(* If $n \ge 3$ is odd, then $\mathrm{sg_e}(K_{n,n}) \ge n+2$ and $\mathrm{sg_e}(K_{n,n-1}) \ge n+1$.
   Context: All graphs are finite, simple and connected. A set $S \subseteq V(G)$ is a strong edge geodetic set of $G$ if one can assign to every unordered pair $\{u,v\}$ of distinct vertices of $S$ either one shortest $u,v$-path $P_{uv}$ in $G$ or no path, in such a way that every edge of $G$ lies on at least one of the assigned paths. The strong edge geodetic number $\mathrm{sg_e}(G)$ is the minimum cardinality of a strong edge geodetic set of $G$. $K_{n,m}$ denotes the complete bipartite graph with parts of sizes $n$ and $m$. *)

From mathcomp Require Import all_boot.
Set Implicit Arguments. Unset Strict Implicit. Unset Printing Implicit Defensive.

Section Geo.
Variable T : finType.

Definition walk_edges (u : T) (s : seq T) : seq (T * T) := zip (u :: s) s.

Definition shortest_path (e : rel T) (u v : T) (s : seq T) : Prop :=
  [/\ path e u s, last u s = v &
      forall s' : seq T, path e u s' -> last u s' = v -> size s <= size s'].

Definition edge_on_path (x y u : T) (s : seq T) : bool :=
  ((x, y) \in walk_edges u s) || ((y, x) \in walk_edges u s).

(* S is a strong edge geodetic set: to each unordered pair {u,v} of distinct
   vertices of S (represented by u before v in the enumeration order of T)
   is assigned one shortest u,v-path or no path (P u v = None), such that
   every edge lies on some assigned path. *)
Definition strong_edge_geodetic (e : rel T) (S : {set T}) : Prop :=
  exists P : T -> T -> option (seq T),
    (forall u v s, u \in S -> v \in S -> enum_rank u < enum_rank v ->
        P u v = Some s -> shortest_path e u v s) /\
    (forall x y, e x y -> exists u v s,
        [/\ u \in S, v \in S, enum_rank u < enum_rank v,
            P u v = Some s & edge_on_path x y u s]).

(* k <= sg_e(G): every strong edge geodetic set has at least k vertices
   (the minimum exists since V(G) itself is strong edge geodetic). *)
Definition sge_ge (e : rel T) (k : nat) : Prop :=
  forall S : {set T}, strong_edge_geodetic e S -> k <= #|S|.

End Geo.

Definition Knm (n m : nat) : rel ('I_n + 'I_m)%type :=
  fun x y => match x, y with
             | inl _, inr _ | inr _, inl _ => true
             | _, _ => false
             end.
Arguments Knm n m : clear implicits.

From mathcomp Require Import all_boot zify.
Set Implicit Arguments. Unset Strict Implicit. Unset Printing Implicit Defensive.

(* In a complete bipartite graph a shortest path between distinct vertices has
   one or two edges, so a vertex z outside a strong edge geodetic set S is
   covered only as the middle vertex of assigned paths u, z, v.  If the other
   colour class has p vertices, the p edges at z need (p + odd p)/2 such
   paths, as each covers two of them; distinct middle vertices use distinct
   pairs {u, v}, of which there are p(p-1)/2.  Hence at most p - 1 - odd p vertices of
   that colour miss S.  All neighbours of a missing vertex lie in S, so only one
   colour class misses vertices, and for n odd both K_{n,n} and K_{n,n-1} miss
   at most n - 2 of them. *)

Lemma leq_sum_card_disjoint (I T : finType) (J : {pred I}) (F : I -> {set T})
    (A : {set T}) :
  (forall i j x, i \in J -> j \in J -> x \in F i -> x \in F j -> i = j) ->
  (forall i, i \in J -> F i \subset A) ->
  \sum_(i in J) #|F i| <= #|A|.
Proof.
move=> F_disj FA.
have cardE (B : {set T}) : #|B| = \sum_x (x \in B : nat).
  by rewrite -sum1_card big_mkcond; apply: eq_bigr => x _; case: (x \in B).
rewrite cardE; under eq_bigr => i _ do rewrite cardE.
rewrite exchange_big /=; apply: leq_sum => x _.
case: (pickP [pred i | (i \in J) && (x \in F i)]) => [i /andP[iJ xFi] | none].
- rewrite (bigD1 i) //= xFi (subsetP (FA i iJ) x xFi) big1 // => j /andP[jJ ji].
  by apply/eqP; rewrite eqb0; apply: contra ji => xFj; rewrite (F_disj j i x).
- by rewrite big1 // => i iJ; have := none i; rewrite /= iJ /= => ->.
Qed.

Definition ranked_pairs (T : finType) (A : {set T}) : {set T * T} :=
  [set uv | [&& uv.1 \in A, uv.2 \in A & enum_rank uv.1 < enum_rank uv.2]].

Lemma leq_card_ranked_pairs (T : finType) (A : {set T}) :
  (#|ranked_pairs A|).*2 <= #|A| * #|A|.-1.
Proof.
set R := ranked_pairs A.
pose swap (uv : T * T) := (uv.2, uv.1).
have swapK : involutive swap by case.
have R_neq uv : uv \in R -> uv.1 != uv.2.
  by rewrite inE => /and3P[_ _]; apply: contraTneq => ->; rewrite ltnn.
have RswapR : [disjoint R & swap @: R].
  rewrite disjoints_subset; apply/subsetP => uv uvR; rewrite inE.
  apply/imsetP => -[vu vuR E]; move: uvR vuR.
  by rewrite E !inE /= => /and3P[_ _ lt] /and3P[_ _]; rewrite ltnNge ltnW.
have diagA : [set (x, x) | x in A] \subset setX A A.
  by apply/subsetP => _ /imsetP[x xA ->]; rewrite inE /= xA.
have not_diag uv : uv.1 != uv.2 -> uv \notin [set (x, x) | x in A].
  by apply: contra => /imsetP[x _ ->].
have sub : R :|: swap @: R \subset setX A A :\: [set (x, x) | x in A].
  apply/subsetP => uv /setUP[uvR | /imsetP[vu vuR ->]]; rewrite inE.
  - move: (uvR) (not_diag _ (R_neq _ uvR)); rewrite inE => /and3P[uA vA _] ->.
    by rewrite inE uA vA.
  - have := R_neq _ vuR; rewrite eq_sym => /(not_diag (swap vu)) ->.
    by move: vuR; rewrite !inE => /and3P[uA vA _]; rewrite /= uA vA.
have := subset_leq_card sub.
rewrite cardsU (disjoint_setI0 RswapR) cards0 subn0 (card_imset _ (inv_inj swapK)).
rewrite cardsD (setIidPr diagA) cardsX card_imset; last by move=> x y [].
by rewrite -addnn -subn1 mulnBr muln1.
Qed.

Lemma mem_walk_edges (T : finType) (u : T) s x y :
  (x, y) \in walk_edges u s -> (x \in u :: s) && (y \in u :: s).
Proof.
rewrite /walk_edges; elim: s u => [|w s IH] u /=; first by rewrite in_nil.
rewrite inE => /orP[/eqP[-> ->] | /IH /andP[xs ys]]; first by rewrite !inE !eqxx orbT.
by rewrite in_cons xs orbT in_cons ys orbT.
Qed.

Lemma edge_on_path_mem (T : finType) (x y u : T) s :
  edge_on_path x y u s -> (x \in u :: s) && (y \in u :: s).
Proof. by case/orP => /mem_walk_edges //; rewrite andbC. Qed.

Section CompleteBipartite.
Variables (T : finType) (c : T -> bool) (e : rel T).
Hypothesis eE : forall x y, e x y = (c x != c y).

Definition colour_class (b : bool) : {set T} := [set x | c x == b].

Lemma shortest_path_size_le2 u v s :
  u != v -> shortest_path e u v s -> s = [:: v] \/ exists w, s = [:: w; v].
Proof.
move=> uv [es sv s_min].
case: s es sv s_min => [|w [|w' s]] /=.
- by move=> _ vu; rewrite vu eqxx in uv.
- by move=> _ -> _; left.
move=> /and3P[euw eww' es] sv s_min; right; exists w.
have [cuv | cuv] := eqVneq (c u) (c v); last first.
  by have := s_min [:: v]; rewrite /= eE cuv => /(_ isT erefl).
have ewv : e w v by rewrite eE -cuv eq_sym -eE.
have := s_min [:: w; v]; rewrite /= euw ewv => /(_ isT erefl).
by case: s es sv {s_min} => //= _ ->.
Qed.

Lemma card_colour_classes_setD (S : {set T}) :
  #|S| + #|colour_class true :\: S| + #|colour_class false :\: S| = #|T|.
Proof.
rewrite -addnA -(cardsC S) -(cardsID (colour_class true) (~: S)); congr (_ + (_ + _)).
  by apply: eq_card => x; rewrite !inE andbC.
by apply: eq_card => x; rewrite !inE andbC; case: (c x).
Qed.

Section Assignment.
Variables (S : {set T}) (P : T -> T -> option (seq T)).
Hypothesis P_shortest : forall u v s, u \in S -> v \in S ->
  enum_rank u < enum_rank v -> P u v = Some s -> shortest_path e u v s.
Hypothesis P_cover : forall x y, e x y -> exists u v s,
  [/\ u \in S, v \in S, enum_rank u < enum_rank v,
      P u v = Some s & edge_on_path x y u s].

Lemma nonmember_edge_cover x y : x \notin S -> e x y ->
  exists u v, [/\ (u, v) \in ranked_pairs S, P u v = Some [:: x; v]
                & y \in [:: u; v]].
Proof.
move=> xS exy; have [u [v [s [uS vS ruv Puv /edge_on_path_mem xy_on]]]] := P_cover exy.
have xy : x != y by apply: contraTneq exy => ->; rewrite eE eqxx.
have [xu xv] : x != u /\ x != v by split; apply: contraNneq xS => ->.
have uv : u != v by apply: contraTneq ruv => ->; rewrite ltnn.
have [s_eq | [w s_eq]] := shortest_path_size_le2 uv (P_shortest uS vS ruv Puv);
  rewrite s_eq !inE (negbTE xu) (negbTE xv) ?orbF /= in xy_on Puv; first by [].
case/andP: xy_on => /eqP xw; rewrite -xw (eq_sym y x) (negbTE xy) /= => yuv.
by exists u, v; rewrite inE uS vS ruv Puv xw !inE.
Qed.

Lemma nonmember_neighbour_mem x y : x \notin S -> e x y -> y \in S.
Proof.
move=> xS /(nonmember_edge_cover xS) [u [v [uvS _ yuv]]].
by move: uvS yuv; rewrite !inE => /and3P[uS vS _] /orP[] /eqP ->.
Qed.

Definition pairs_through (z : T) : {set T * T} :=
  [set uv in ranked_pairs S | P uv.1 uv.2 == Some [:: z; uv.2]].

Lemma pairs_through_sub z :
  pairs_through z \subset ranked_pairs (colour_class (~~ c z)).
Proof.
apply/subsetP => -[u v]; rewrite !inE /= => /andP[/and3P[uS vS ruv] /eqP Puv].
have [/= /and3P[euz ezv _] _ _] := P_shortest uS vS ruv Puv.
by move: euz ezv; rewrite !eE ruv andbT; case: (c u); case: (c v); case: (c z).
Qed.

Lemma pairs_through_disjoint z z' uv :
  uv \in pairs_through z -> uv \in pairs_through z' -> z = z'.
Proof. by rewrite !inE => /andP[_ /eqP ->] /andP[_ /eqP[]]. Qed.

Lemma colour_class_card_le_pairs_through z : z \notin S ->
  #|colour_class (~~ c z)| <= (#|pairs_through z|).*2.
Proof.
move=> zS.
have cover : colour_class (~~ c z) \subset
             fst @: pairs_through z :|: snd @: pairs_through z.
  apply/subsetP => x; rewrite inE => /eqP cx.
  have ezx : e z x by rewrite eE cx; case: (c z).
  have [u [v [uvS Puv]]] := nonmember_edge_cover zS ezx.
  have uv_z : (u, v) \in pairs_through z by rewrite inE uvS Puv eqxx.
  by move=> /[!inE] /orP[] /eqP ->; apply/orP; [left | right]; apply: imset_f uv_z.
rewrite -addnn; apply: (leq_trans (subset_leq_card cover)).
apply: (leq_trans (leq_card_setU _ _)).
by apply: leq_add; apply: leq_imset_card.
Qed.

Lemma nonmembers_card_le b : 0 < #|colour_class (~~ b)| ->
  #|colour_class b :\: S| <= #|colour_class (~~ b)|.-1 - odd #|colour_class (~~ b)|.
Proof.
set p := #|colour_class (~~ b)|; set Z := colour_class b :\: S => p_gt0.
have Z_nonmember z : z \in Z -> c z = b /\ z \notin S.
  by rewrite !inE => /andP[zS /eqP].
have through_z z : z \in Z -> p + odd p <= (#|pairs_through z|).*2.
  move=> /Z_nonmember[cz zS]; have := colour_class_card_le_pairs_through zS.
  rewrite cz -/p => le_p; have [odd_p | _] := boolP (odd p); last by rewrite addn0.
  rewrite addn1 ltn_neqAle le_p andbT; apply: contraTneq odd_p => ->.
  by rewrite odd_double.
have through_Z : \sum_(z in Z) #|pairs_through z| <= #|ranked_pairs (colour_class (~~ b))|.
  apply: leq_sum_card_disjoint => [z z' uv _ _ | z /Z_nonmember[<- _]].
    exact: pairs_through_disjoint.
  exact: pairs_through_sub.
have : #|Z| * (p + odd p) <= p * p.-1.
  apply: (@leq_trans (\sum_(z in Z) (#|pairs_through z|).*2)).
    by rewrite -sum1_card big_distrl /=; apply: leq_sum => z /through_z; rewrite mul1n.
  under eq_bigr do rewrite -mul2n.
  rewrite -big_distrr /= mul2n; apply: leq_trans (leq_card_ranked_pairs _).
  by rewrite leq_double.
by case: (odd p); nia.
Qed.

Lemma nonmembers_eq0 :
  colour_class true :\: S = set0 \/ colour_class false :\: S = set0.
Proof.
case: (set_0Vmem (colour_class true :\: S)) => [|[x xTS]]; [by left | right].
move: xTS; rewrite !inE => /andP[xS cx]; apply/setP => y; rewrite !inE.
apply/negP => /andP[yS cy]; move/negP: yS; apply.
by apply: nonmember_neighbour_mem xS _; rewrite eE (eqP cx) (eqP cy).
Qed.

End Assignment.

Lemma strong_edge_geodetic_card_ge (S : {set T}) :
  strong_edge_geodetic e S ->
  let pt := #|colour_class true| in let pf := #|colour_class false| in
  0 < pt -> 0 < pf -> #|T| - maxn (pf.-1 - odd pf) (pt.-1 - odd pt) <= #|S|.
Proof.
case=> P [P_shortest P_cover] pt pf pt_gt0 pf_gt0.
have card_S := card_colour_classes_setD S.
have le_t := nonmembers_card_le P_shortest P_cover (b := true) pf_gt0.
have le_f := nonmembers_card_le P_shortest P_cover (b := false) pt_gt0.
rewrite /= -/pt -/pf in le_t le_f.
by case: (nonmembers_eq0 P_shortest P_cover) => E; rewrite E cards0 in card_S; lia.
Qed.

End CompleteBipartite.

Definition is_left n m (x : 'I_n + 'I_m) : bool := if x is inl _ then true else false.

Lemma Knm_is_left n m x y : Knm n m x y = (is_left x != is_left y).
Proof. by case: x; case: y. Qed.

Lemma card_left n m : #|colour_class (@is_left n m) true| = n.
Proof.
have -> : colour_class (@is_left n m) true = inl @: [set: 'I_n].
  by apply/setP => -[i | j]; rewrite !inE /= ?imset_f //; apply/esym/imsetP => -[].
by rewrite card_imset ?cardsT ?card_ord // => i j [].
Qed.

Lemma card_right n m : #|colour_class (@is_left n m) false| = m.
Proof.
have -> : colour_class (@is_left n m) false = inr @: [set: 'I_m].
  by apply/setP => -[i | j]; rewrite !inE /= ?imset_f //; apply/esym/imsetP => -[].
by rewrite card_imset ?cardsT ?card_ord // => i j [].
Qed.

Lemma sge_ge_Knm n m : 0 < n -> 0 < m ->
  sge_ge (Knm n m) (n + m - maxn (m.-1 - odd m) (n.-1 - odd n)).
Proof.
move=> n_gt0 m_gt0 S /(strong_edge_geodetic_card_ge (@Knm_is_left n m)) /=.
by rewrite card_left card_right card_sum !card_ord; apply.
Qed.

Lemma sge_geW (T : finType) (e : rel T) k k' : k <= k' -> sge_ge e k' -> sge_ge e k.
Proof. by move=> le_k sge S /sge; apply: leq_trans. Qed.

Theorem mainTheorem6 (n : nat) :
  3 <= n -> odd n ->
  sge_ge (Knm n n) (n + 2) /\ sge_ge (Knm n n.-1) (n + 1).
Proof.
move=> n_ge3 odd_n; have odd_pred_n : odd n.-1 = false.
  by case: n n_ge3 odd_n => //= n _ /negbTE.
split; apply: sge_geW (sge_ge_Knm _ _); rewrite ?odd_n ?odd_pred_n; lia.
Qed.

━━━━━━━━

• **WORK REQUEST**
Would you please return every line in the listing where "false" shows up?

• **RESULT**
             | _, _ => false
  #|S| + #|colour_class true :\: S| + #|colour_class false :\: S| = #|T|.
  colour_class true :\: S = set0 \/ colour_class false :\: S = set0.
  let pt := #|colour_class true| in let pf := #|colour_class false| in
have le_f := nonmembers_card_le P_shortest P_cover (b := false) pt_gt0.
Definition is_left n m (x : 'I_n + 'I_m) : bool := if x is inl _ then true else false.
Lemma card_right n m : #|colour_class (@is_left n m) false| = m.
have -> : colour_class (@is_left n m) false = inr @: [set: 'I_m].
move=> n_ge3 odd_n; have odd_pred_n : odd n.-1 = false.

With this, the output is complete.